In V-407 design, containment over-pressurization is avoided by passive containment cooling system (C-PHRS) as described above. To limit considerably the release of fission products beyond the containment, a permanent under-pressure is maintained in the inter-containment gap of the V-392 design. This safety function, one of the most important, is fulfilled by two systems: (1) an exhaust ventilation system equipped with a filtering plant with suction from the inter-containment gap and outlet into the stack; (2) a passive system of suction from the inter-containment gap. The first system is intended to control removal of steam-gas mixture from the inter-containment gap under accidents with total loss of power. The system is capable to remove at least 240 kg per hour that is equivalent to the inner containment leaks of 1.5% containment volume per 24 hours. The second system consists of lines connecting the inter-containment gap with the PHRS exhaust ducts, which are always in the hot state. This solution enables permanent removal and purification of inner containment leaks irrespective of the electricity supply and operator actions. According to estimations, the under-pressure is maintained at any point of the inter-containment gap with inner containment leaks up to 2.8% of containment volume per day (the design basis for the containment is 0.3%). The technical solution described above in combination with the systems for the containment pressure decrease (traditional spray system and new passive heat removal system) allows to give up the filtered venting system designed for V-392 in spite of this system follows the current requirements that filtered venting should not increase the risk of loosing the containment function and filtered venting is not required in the short term of a core melt accident.

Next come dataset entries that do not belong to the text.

Lemma expect_block_bound_le0 (R : realFieldType) (T : finType) (p : R) (S1 S2 : {set T})
    (D da db : R) :
  0 <= p -> p <= 1 -> [disjoint S1 & S2] -> 0 <= da -> 0 <= db ->
  expect p (S1 :|: S2) (fun A =>
    block_bound D da db #|S1|%:R #|S2|%:R #|A :&: S1| #|A :&: S2|) <= 0.
Proof.
move=> p_ge0 p_le1 S12 da_ge0 db_ge0.
set n1 : R := #|S1|%:R; set n2 : R := #|S2|%:R.
set s1 := (1 - p) ^+ #|S1|; set s2 := (1 - p) ^+ #|S2|.
have E_empty (S : {set T}) : expect p S (fun A => 1 - (0 < #|A|)%:R) = (1 - p) ^+ #|S|.
  by rewrite expectB expect1 expect_card_gt0 opprB addrC subrK.
have Ek1 : expect p (S1 :|: S2) (fun A => #|A :&: S1|%:R) = p * n1.
  by rewrite (expect_restrictl p (fun A => #|A|%:R)) // expect_card.
have Ek2 : expect p (S1 :|: S2) (fun A => #|A :&: S2|%:R) = p * n2.
  by rewrite (expect_restrictr p (fun A => #|A|%:R)) // expect_card.
have Eb1 : expect p (S1 :|: S2) (fun A => (0 < #|A :&: S1|)%:R) = 1 - s1.
  by rewrite (expect_restrictl p (fun A => (0 < #|A|)%:R)) // expect_card_gt0.
have Eb2 : expect p (S1 :|: S2) (fun A => (0 < #|A :&: S2|)%:R) = 1 - s2.
  by rewrite (expect_restrictr p (fun A => (0 < #|A|)%:R)) // expect_card_gt0.
have E12 : expect p (S1 :|: S2)
    (fun A => (1 - (0 < #|A :&: S1|)%:R) * (0 < #|A :&: S2|)%:R) = s1 * (1 - s2).
  by rewrite (expect_indep p (fun A => 1 - (0 < #|A|)%:R) (fun A => (0 < #|A|)%:R)) //
    E_empty expect_card_gt0.
have E21 : expect p (S1 :|: S2)
    (fun A => (0 < #|A :&: S1|)%:R * (1 - (0 < #|A :&: S2|)%:R)) = (1 - s1) * s2.
  by rewrite (expect_indep p (fun A => (0 < #|A|)%:R) (fun A => 1 - (0 < #|A|)%:R)) //
    E_empty expect_card_gt0.
rewrite /block_bound !expectD !expectZ !expectB !expectZ Ek1 Ek2 Eb1 Eb2 E12 E21.
have q_ge0 : 0 <= 1 - p by rewrite subr_ge0.
have q_le1 : 1 - p <= 1 by rewrite lerBlDr lerDl.
have key1 := natr_exp_subr_le #|S1| #|S2| q_ge0 q_le1.
have key2 := natr_exp_subr_le #|S2| #|S1| q_ge0 q_le1.
rewrite -/s1 -/s2 -/n1 -/n2 in key1 key2.
nra.
Qed.

Lemma ge_min_of_weighted (R : realDomainType) (a b e n1 n2 : R) : 0 < n1 -> 0 < n2 ->
  n1 * (a - e) + n2 * (b - e) <= 0 -> Num.min a b <= e.
Proof. by move=> n1_gt0 n2_gt0 H; rewrite ge_min; case: (leP a e) => //= ?; nra. Qed.

Lemma count_mem_uniq (T : finType) (s : seq T) (A : {set T}) :
  uniq s -> count (fun x => x \in A) s = #|A :&: [set x in s]|.
Proof.
move=> us; rewrite -size_filter -(card_uniqP (filter_uniq _ us)).
by apply: eq_card => x; rewrite mem_filter !inE.
Qed.

Lemma ELAT_expect (R : realFieldType) (V : finType) (d : V -> V -> R) r p s :
  ELAT d r p s = expect p [set~ r] (fun A => LAT d r A s).
Proof.
apply: eq_big => [A | A _]; first by rewrite subsetC sub1set inE.
by rewrite /subset_weight cardsC1 subn1.
Qed.

Section Collapse.
Variables (R : realFieldType) (V X : finType) (d : V -> V -> R) (r : V) (grp : V -> X) (z : X).
Local Notation inS := (inS r grp z).
Hypothesis d_refl : forall x, d x x = 0.
Hypothesis d_sym : forall x y, d x y = d y x.
Hypothesis coloc : forall u w, u != r -> w != r -> grp u = grp w ->
  d u w = 0 /\ (forall y, d u y = d w y).
Variables (x0 : V) (x0S : inS x0).

(* All of [S_z] sits at one point, so it may be replaced by its representative [x0]. *)
Definition collapse (u : V) : V := if inS u then x0 else u.

Lemma collapse_dist u w : d (collapse u) (collapse w) = d u w.
Proof.
have inS_coloc v v' : inS v -> inS v' -> d v v' = 0 /\ (forall y, d v y = d v' y).
  by case/andP=> vr /eqP gv /andP[vr' /eqP gv']; apply: coloc; rewrite ?gv ?gv'.
rewrite /collapse; case: ifP => uS; case: ifP => wS //.
- by rewrite d_refl; case: (inS_coloc u w uS wS).
- by case: (inS_coloc x0 u x0S uS).
- by rewrite d_sym; case: (inS_coloc x0 w x0S wS) => _ ->; rewrite d_sym.
Qed.

Lemma LAT_collapse A s : LAT d r A s = lat d r (map collapse [seq x <- s | x \in A]).
Proof.
have collapse_r : collapse r = r by rewrite /collapse inS_root.
by rewrite /LAT /lat -{2}collapse_r lat_from_map //; exact: collapse_dist.
Qed.

Lemma collapse_run (a : pred V) s : all inS s -> map collapse (filter a s) = nseq (count a s) x0.
Proof.
by elim: s => [|y s IH] //= /andP[yS /IH{}IH]; case: (a y); rewrite /= IH // /collapse yS.
Qed.

End Collapse.

(** * Merging two runs *)

Section MergeRuns.
Variables (R : realFieldType) (V X : finType) (d : V -> V -> R) (r : V) (grp : V -> X)
  (z : X) (p : R).
Local Notation inS := (inS r grp z).
Hypothesis d_refl : forall x, d x x = 0.
Hypothesis d_sym : forall x y, d x y = d y x.
Hypothesis d_ge0 : forall x y, 0 <= d x y.
Hypothesis d_tri : forall x y w, d x w <= d x y + d y w.
Hypothesis coloc : forall u w, u != r -> w != r -> grp u = grp w ->
  d u w = 0 /\ (forall y, d u y = d w y).
Hypotheses (p_ge0 : 0 <= p) (p_le1 : p <= 1).

Variables (P B1 M B2 Q B : seq V).
Hypothesis tau_uniq : uniq (P ++ B1 ++ M ++ B2 ++ Q).
Hypotheses (B1_neq0 : B1 != [::]) (B2_neq0 : B2 != [::]).
Hypotheses (B1S : all inS B1) (B2S : all inS B2) (permB : perm_eq B (B1 ++ B2)).
Let S1 := [set x in B1].
Let S2 := [set x in B2].

Lemma runs_uniq_disjoint :
  [/\ uniq B1, uniq B2, [disjoint S1 & S2] & {in P ++ M ++ Q, forall x, x \notin B1 ++ B2}].
Proof.
have : uniq ((B1 ++ B2) ++ P ++ M ++ Q).
  rewrite (perm_uniq (s2 := P ++ B1 ++ M ++ B2 ++ Q)) //.
  by apply/permP => a; rewrite !count_cat; lia.
rewrite cat_uniq => /and3P[+ /hasPn outB _]; rewrite cat_uniq => /and3P[uB1 /hasPn B12 uB2].
split=> //; rewrite disjoint_subset; apply/subsetP => x; rewrite !inE => xB1.
by apply/negP => /B12/negP.
Qed.

Lemma LAT_merge_gain_bound (A0 : {set V}) : [disjoint A0 & S1 :|: S2] ->
  exists D da db : R, [/\ 0 <= da, 0 <= db & forall A : {set V}, A \subset S1 :|: S2 ->
    let L := LAT d r (A0 :|: A) (P ++ B1 ++ M ++ B2 ++ Q) in
    #|S1|%:R * (LAT d r (A0 :|: A) (P ++ B ++ M ++ Q) - L) +
    #|S2|%:R * (LAT d r (A0 :|: A) (P ++ M ++ B ++ Q) - L)
    <= block_bound D da db #|S1|%:R #|S2|%:R #|A :&: S1| #|A :&: S2|].
Proof.
move=> A0_12; have [uB1 uB2 _ outB] := runs_uniq_disjoint.
have x0S : inS (head r B1) by case: (B1) B1_neq0 B1S => [//|x s] _ /andP[].
set x0 := head r B1; set c := collapse r grp z x0.
have [D [da [db [da_ge0 db_ge0 gain]]]] := lat_merge_blocks_gain d_refl d_ge0 d_tri r
  (map c [seq x <- P | x \in A0]) (map c [seq x <- M | x \in A0])
  (map c [seq x <- Q | x \in A0]) x0.
exists D, da, db; split=> // A sA /=.
have outE s : {subset s <= P ++ M ++ Q} ->
    [seq x <- s | x \in A0 :|: A] = [seq x <- s | x \in A0].
  move=> sPMQ; apply: eq_in_filter => x /sPMQ/outB xB; rewrite inE.
  by case: (boolP (x \in A)) => [/(subsetP sA)|]; rewrite ?orbF // !inE -mem_cat (negPf xB).
have countE s : {subset s <= B1 ++ B2} ->
    count (fun x => x \in A0 :|: A) s = count (fun x => x \in A) s.
  move=> sB; apply: eq_in_count => x /sB xB; rewrite inE (disjointFl A0_12) //.
  by rewrite !inE -mem_cat.
have countB : count (fun x => x \in A) B = (#|A :&: S1| + #|A :&: S2|)%N.
  by rewrite (permP permB) count_cat !count_mem_uniq.
have BS : all inS B by rewrite (perm_all _ permB) all_cat B1S.
rewrite !(LAT_collapse d_refl d_sym coloc x0S) !filter_cat !map_cat.
rewrite !(collapse_run x0 _ B1S) !(collapse_run x0 _ B2S) !(collapse_run x0 _ BS).
rewrite (countE B1) ?(countE B2) ?(countE B) ?countB ?count_mem_uniq // ?(outE P) ?(outE M)
  ?(outE Q); try by move=> x; rewrite ?(perm_mem permB) // !mem_cat => ->; rewrite ?orbT.
exact: gain.
Qed.

Lemma ELAT_merge_runs :
  Num.min (ELAT d r p (P ++ B ++ M ++ Q)) (ELAT d r p (P ++ M ++ B ++ Q))
    <= ELAT d r p (P ++ B1 ++ M ++ B2 ++ Q).
Proof.
have [_ _ S12 _] := runs_uniq_disjoint.
have card_gt0 (s : seq V) : s != [::] -> (0 : R) < #|[set x in s]|%:R.
  by case: s => [//|x s] _; rewrite ltr0n; apply/card_gt0P; exists x; rewrite inE mem_head.
apply: (ge_min_of_weighted (card_gt0 _ B1_neq0) (card_gt0 _ B2_neq0)).
have S12r : S1 :|: S2 \subset [set~ r].
  by apply/subsetP => x; rewrite !inE => /orP[/(allP B1S) | /(allP B2S)] /andP[].
set S0 := [set~ r] :\: (S1 :|: S2).
have splitV : [set~ r] = S0 :|: (S1 :|: S2).
  by rewrite setUC -{1}(setID [set~ r] (S1 :|: S2)) (setIidPr S12r).
have S0_12 : [disjoint S0 & S1 :|: S2] by rewrite /S0 disjoints_subset setDE subsetIr.
rewrite !ELAT_expect -!expectB -!expectZ -expectD splitV.
apply: expect_splitU_le0 => // A0 sA0.
have [D [da [db [da_ge0 db_ge0 gain]]]] := LAT_merge_gain_bound (disjointWl sA0 S0_12).
apply: le_trans (expect_block_bound_le0 D p_ge0 p_le1 S12 da_ge0 db_ge0).
exact: ler_expect.
Qed.

End MergeRuns.

Theorem lemma6 (R : realFieldType) (V X : finType) (d : V -> V -> R) (r : V)
    (grp : V -> X) (p : R)
    (d_refl : forall x, d x x = 0)
    (d_sym : forall x y, d x y = d y x)
    (d_ge0 : forall x y, 0 <= d x y)
    (d_tri : forall x y w, d x w <= d x y + d y w)
    (coloc : forall u w, u != r -> w != r -> grp u = grp w ->
        d u w = 0 /\ (forall y, d u y = d w y))
    (p_ge0 : 0 <= p) (p_le1 : p <= 1)
    (tau : seq V) (Htau : master_tour r tau)
    (z : X) (Ci Cj : seq V)
    (HCi : maximal_run r grp z tau Ci) (HCj : maximal_run r grp z tau Cj)
    (Hij : Ci != Cj) :
  Num.min (ELAT d r p (move_after r tau Ci Cj))
          (ELAT d r p (move_before r tau Ci Cj))
    <= ELAT d r p tau.
Proof.
have [Utau _] := Htau.
have [_ [_ [_ nCi aCi _ _]]] := maximal_run_split HCi.
have [_ [_ [_ nCj aCj _ _]]] := maximal_run_split HCj.
have merge := ELAT_merge_runs d_refl d_sym d_ge0 d_tri coloc p_ge0 p_le1.
have [P [M [Q [HT | HT]]]] := maximal_runs_ordered HCi HCj Hij; rewrite HT in Utau *.
- have [-> ->] := moves_of_ordered_runs r Utau nCi nCj.
  exact: merge Utau nCi nCj aCi aCj (perm_refl _).
- have [-> ->] := moves_of_reversed_runs r Utau nCi nCj.
  by rewrite minC; apply: merge Utau nCj nCi aCj aCi _; rewrite perm_catC.
Qed.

Special systems and components are implemented in both new WWER designs to prevent hydrogen burning or explosion. For example, in V-392 design the hydrogen suppression system comprises passive catalytic hydrogen igniters based on an efficient high porosity cellular material. Each of 50 elements of this system is capable to oxidize about 30 grams of hydrogen per hour at its volumetric concentration 4%. This system prevents the explosive concentration of hydrogen even if 100% of the core Zr will be oxidized during an accident.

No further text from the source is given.